Athenahealth CEO: Trump Is a ‘Soft Porn Idiot,' Who Won't Repeal Obamacare

One thing we've got to look forward to in a Donald Trump presidency is the real potential for a repeal of Obamacare. Another is the rise of Jonathan Bush as a frequent and prolific financial pundit.

After he "ground" the election results coverage "into his eyes like little needles," the Athenahealth CEO got two and a half hours sleep, went to work and went on Yahoo Finance to do what he does best.

“Who among us has not been in the presence of lewd, inappropriate talk and not spoken up?” Bush said, addressing the scandal that engulfed his brother, Billy Bush, who was caught mic'd up, egging on Trump in a mind-blowing vulgarity session from 2005. “You gotta laugh along. He did that. Lightning bolt, of course, there’s a mic on. Of course, the guy who is this sort of soft porn idiot on the ‘The Apprentice’… or the beauty contest or whatever it was back 11 years ago—suddenly becomes a presidential candidate. I mean talk about a solar eclipse of bad news for Billy Bush.”

In the more substantive part of the interview, Bush talked about prospects for a Trump White House repealing the Affordable Care Act, also known as Obamacare, from which his own company has profited handsomely. He sounded optimistic.

"If we just calmly pull back the minimum definition to something a little humbler and a little more affordable to let people have more choice, that would be a big deal," Bush told Yahoo Finance editor in chief Andy Serwer.

The Republicans in Congress have voted to repeal the Obamacare more than 60 times, but without a veto-proof majority their votes have been...well...symbolic. With a president in the White House who has said he will repeal the law, it looks like the Republican Congress' animus vs. Obamacare might become more than a feeling.
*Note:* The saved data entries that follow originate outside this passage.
(* For any graphs $G$ and $H$, $A_1(G\,\square\, H)\cong A_1(G)\times A_1(H)$, where $G\,\square\,H$ is the Cartesian product graph.
   Context: All graphs are connected, simple and locally finite. The Cartesian product $G\,\square\,H$ has vertex set $V(G)\times V(H)$, with $(g,h)\sim(g',h')$ iff ($g=g'$ and $h\sim h'$) or ($h=h'$ and $g\sim g'$). $A_1$ is the discrete fundamental group: for base vertex $v_0$, elements are classes of graph maps $f:\mathbb{Z}\to G$ ($\mathbb{Z}$ the path graph on the integers) with $f(i)=v_0$ for $|i|\ge r_f$ ($r_f$ minimal), modulo based homotopy (a graph map $h:\mathbb{Z}\,\square\, I_m\to G$, $I_m$ the path on $\{0,\dots,m\}$, with $h(\cdot,0)=f$, $h(\cdot,m)=g$, each $h(\cdot,j)$ based); product by concatenation $p(i)=f(i+r_f)$ for $i\le0$, $p(i)=g(i-r_g)$ for $i\ge0$. *)

From Stdlib Require Import ZArith List Relations ClassicalEpsilon.
Open Scope Z_scope.

Record graph := Graph {
  V :> Type;
  adj : V -> V -> Prop;
  adj_sym : forall x y, adj x y -> adj y x;
  adj_irrefl : forall x, ~ adj x x }.

Definition locally_finite (G : graph) : Prop :=
  forall v : G, exists l : list G, forall w, adj G v w -> In w l.

Definition connected (G : graph) : Prop :=
  forall v w : G, clos_refl_trans G (adj G) v w.

(** "equal or adjacent": the condition defining graph maps *)
Definition eqadj (G : graph) (x y : G) : Prop := x = y \/ adj G x y.

Definition box_adj (G H : graph) (x y : G * H) : Prop :=
  (fst x = fst y /\ adj H (snd x) (snd y)) \/
  (snd x = snd y /\ adj G (fst x) (fst y)).

Lemma box_adj_sym G H x y : box_adj G H x y -> box_adj G H y x.
Proof.
  unfold box_adj; intros [[e a]|[e a]]; [left|right]; split; auto;
  apply adj_sym; auto.
Qed.

Lemma box_adj_irrefl G H x : ~ box_adj G H x x.
Proof.
  unfold box_adj; intros [[_ a]|[_ a]]; eapply adj_irrefl; eauto.
Qed.

Definition box (G H : graph) : graph :=
  Graph (G * H) (box_adj G H) (@box_adj_sym G H) (@box_adj_irrefl G H).

Definition Zgraph_map (G : graph) (f : Z -> G) : Prop :=
  forall i, eqadj G (f i) (f (i + 1)).

Definition based_radius (G : graph) (v0 : G) (f : Z -> G) (r : nat) : Prop :=
  forall i, Z.of_nat r <= Z.abs i -> f i = v0.

Definition is_loop (G : graph) (v0 : G) (f : Z -> G) : Prop :=
  Zgraph_map G f /\ exists r, based_radius G v0 f r.

(** the minimal radius r_f (chosen classically; well defined for loops) *)
Definition min_radius (G : graph) (v0 : G) (f : Z -> G) (r : nat) : Prop :=
  based_radius G v0 f r /\ forall r', based_radius G v0 f r' -> (r <= r')%nat.

Definition radius (G : graph) (v0 : G) (f : Z -> G) : nat :=
  epsilon (inhabits 0%nat) (min_radius G v0 f).

Definition concat (G : graph) (v0 : G) (f g : Z -> G) : Z -> G :=
  fun i => if i <=? 0 then f (i + Z.of_nat (radius G v0 f))
           else g (i - Z.of_nat (radius G v0 g)).

(** based homotopy: a graph map h : Z □ I_m -> G *)
Definition based_homotopic (G : graph) (v0 : G) (f g : Z -> G) : Prop :=
  exists (m : nat) (h : Z -> nat -> G),
    (forall i (j : nat), (j < m)%nat -> eqadj G (h i j) (h i (S j))) /\
    (forall i (j : nat), (j <= m)%nat -> eqadj G (h i j) (h (i + 1) j)) /\
    (forall i, h i 0%nat = f i) /\
    (forall i, h i m = g i) /\
    (forall j : nat, (j <= m)%nat -> exists r, based_radius G v0 (fun i => h i j) r).

From Stdlib Require Import ZArith Lia Relations Wf_nat Classical ClassicalEpsilon
  FunctionalExtensionality.
Open Scope Z_scope.

(* The isomorphism A_1(G □ H) ≅ A_1(G) × A_1(H) is induced by the pair of
   projections f ↦ (fst ∘ f, snd ∘ f).

   Based homotopy is first recast as the equivalence relation generated by
   "elementary steps": two based loops that are pointwise equal or adjacent.
   Any graph homomorphism preserves loops and steps, hence homotopy; this
   gives well-definedness of the projections.  Reparametrizing a loop by a
   slow monotone map towards 0 (such as k ↦ ⌊k/2⌋) does not change its class.
   The key construction is the staircase [interleave a b], which walks
   alternately one step of a in G and one step of b in K: it is homotopic to
   a pair of loops varying each component separately, its projections are
   reparametrizations of a and b (surjectivity), and every loop f in G □ H is
   homotopic to the staircase of its projections (injectivity).  Finally,
   concatenation does not depend on the padding radii used to glue the
   loops, so projections commute with concatenation (homomorphism). *)

Ltac zdiv := Z.to_euclidean_division_equations; lia.

Lemma eqadj_refl (G : graph) (x : G) : eqadj G x x.
Proof. left; reflexivity. Qed.

Lemma eqadj_sym (G : graph) (x y : G) : eqadj G x y -> eqadj G y x.
Proof. intros [e|a]; [left; auto | right; apply adj_sym; auto]. Qed.

Lemma graph_map_near (G : graph) (F : Z -> G) (x y : Z) :
  Zgraph_map G F -> Z.abs (x - y) <= 1 -> eqadj G (F x) (F y).
Proof.
  intros HF Hxy.
  destruct (Z.eq_dec x y) as [->|Hne]; [apply eqadj_refl|].
  destruct (Z.eq_dec y (x + 1)) as [->|Hne']; [apply HF|].
  replace x with (y + 1) by lia. apply eqadj_sym, HF.
Qed.

Lemma based_radius_mono (G : graph) (v0 : G) (f : Z -> G) (s s' : nat) :
  based_radius G v0 f s -> (s <= s')%nat -> based_radius G v0 f s'.
Proof. intros Hs Hss' i Hi. apply Hs. lia. Qed.

(** * Homotopy as the closure of elementary steps *)

Definition loop_step (G : graph) (v0 : G) (f g : Z -> G) : Prop :=
  is_loop G v0 f /\ is_loop G v0 g /\ forall i, eqadj G (f i) (g i).

Definition loop_homotopic (G : graph) (v0 : G) : relation (Z -> G) :=
  clos_refl_trans (Z -> G) (loop_step G v0).

Lemma loop_homotopic_sym (G : graph) (v0 : G) (f g : Z -> G) :
  loop_homotopic G v0 f g -> loop_homotopic G v0 g f.
Proof.
  induction 1 as [f g [Hf [Hg Hfg]]| |]; [|apply rt_refl|eapply rt_trans; eauto].
  apply rt_step. split; [exact Hg|]. split; [exact Hf|].
  intros i; apply eqadj_sym, Hfg.
Qed.

Lemma loop_homotopic_chain (G : graph) (v0 : G) (h : nat -> Z -> G) (n : nat) :
  (forall j, (j < n)%nat -> loop_step G v0 (h j) (h (S j))) ->
  loop_homotopic G v0 (h 0%nat) (h n).
Proof.
  induction n as [|n IH]; intros Hsteps; [apply rt_refl|].
  eapply rt_trans; [apply IH; intros j Hj; apply Hsteps; lia|].
  apply rt_step, Hsteps; lia.
Qed.
(* [Zbar] and the orthogonality hypothesis only concern deltas of the unit ball. *)
Lemma delta_rescale n w : exists c w', ipnorm ipZ w' <= 1 /\
  delta n w = sadd (sscale c (delta n w')) (szero Z).
Proof.
have nw := ipnorm_ge0 ipZ w.
set c := ipnorm ipZ w + 1; have c0 : 0 < c by rewrite /c; lra.
exists c, (c^-1 *: w); split.
  rewrite ipnormZ // ger0_norm; last by rewrite invr_ge0 ltW.
  by rewrite mulrC ler_pdivrMr // mul1r /c; lra.
apply: funext => k; rewrite /sadd /sscale /szero /delta addr0.
by case: (k == n); rewrite ?scaler0 // scalerA mulfV ?gt_eqF // scale1r.
Qed.

Lemma delta_in_span n w : in_span Zbar (delta n w).
Proof.
have [c [w' [w'1 ->]]] := delta_rescale n w.
by apply: span_comb; [apply: span_gen; apply: delta_mem | apply: span_zero].
Qed.

Lemma L_delta_orth m n v w : m <> n -> ipY (L (delta m v)) (L (delta n w)) = 0.
Proof.
have L_rescale k u : exists c u', ipnorm ipZ u' <= 1 /\
    L (delta k u) = c *: H (delta k u').
  have [c [u' [u'1 ->]]] := delta_rescale k u.
  exists c, u'; split => //; rewrite L_lin ?L_szero ?addr0 ?L_H //.
  - exact: delta_mem.
  - by apply: span_gen; apply: delta_mem.
  - exact: span_zero.
move=> mn; have [c [v' [v'1 ->]]] := L_rescale m v.
have [d [w' [w'1 ->]]] := L_rescale n w.
by rewrite ipZl // ipZr // H_orth // !mulr0.
Qed.

Lemma trunc0 (x : nat -> Z) : trunc 0 x = delta 0 (x 0%N).
Proof.
by apply: funext => k; rewrite /trunc /restr /delta leqn0; case: eqP => // ->.
Qed.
Bush exhibited sang froid. "It's unlikely that the drumbeat of new federal mandate for healthcare providers in Washington is going to continue, is going to persist at all. It's going to flatten out," he said. "We're going to have the laws that we have. We're going to have the regulations that we have. There's going to be a lot of chatter about blowing them up. Nothing's going to happen. And then it will be up to the players in the market to innovate."

Still, Bush predicted a "slump" for the health tech industry. Federal funding to prop up adoption of electronic medical records will end, and the "sugar high" that has affected the health IT industry will taper quickly, he said. "That's going away...it would not have happened under either administration," Bush said. "The overall sector therefore will go through kind of a depression, what normally happens after too much sugar, kind of a slump."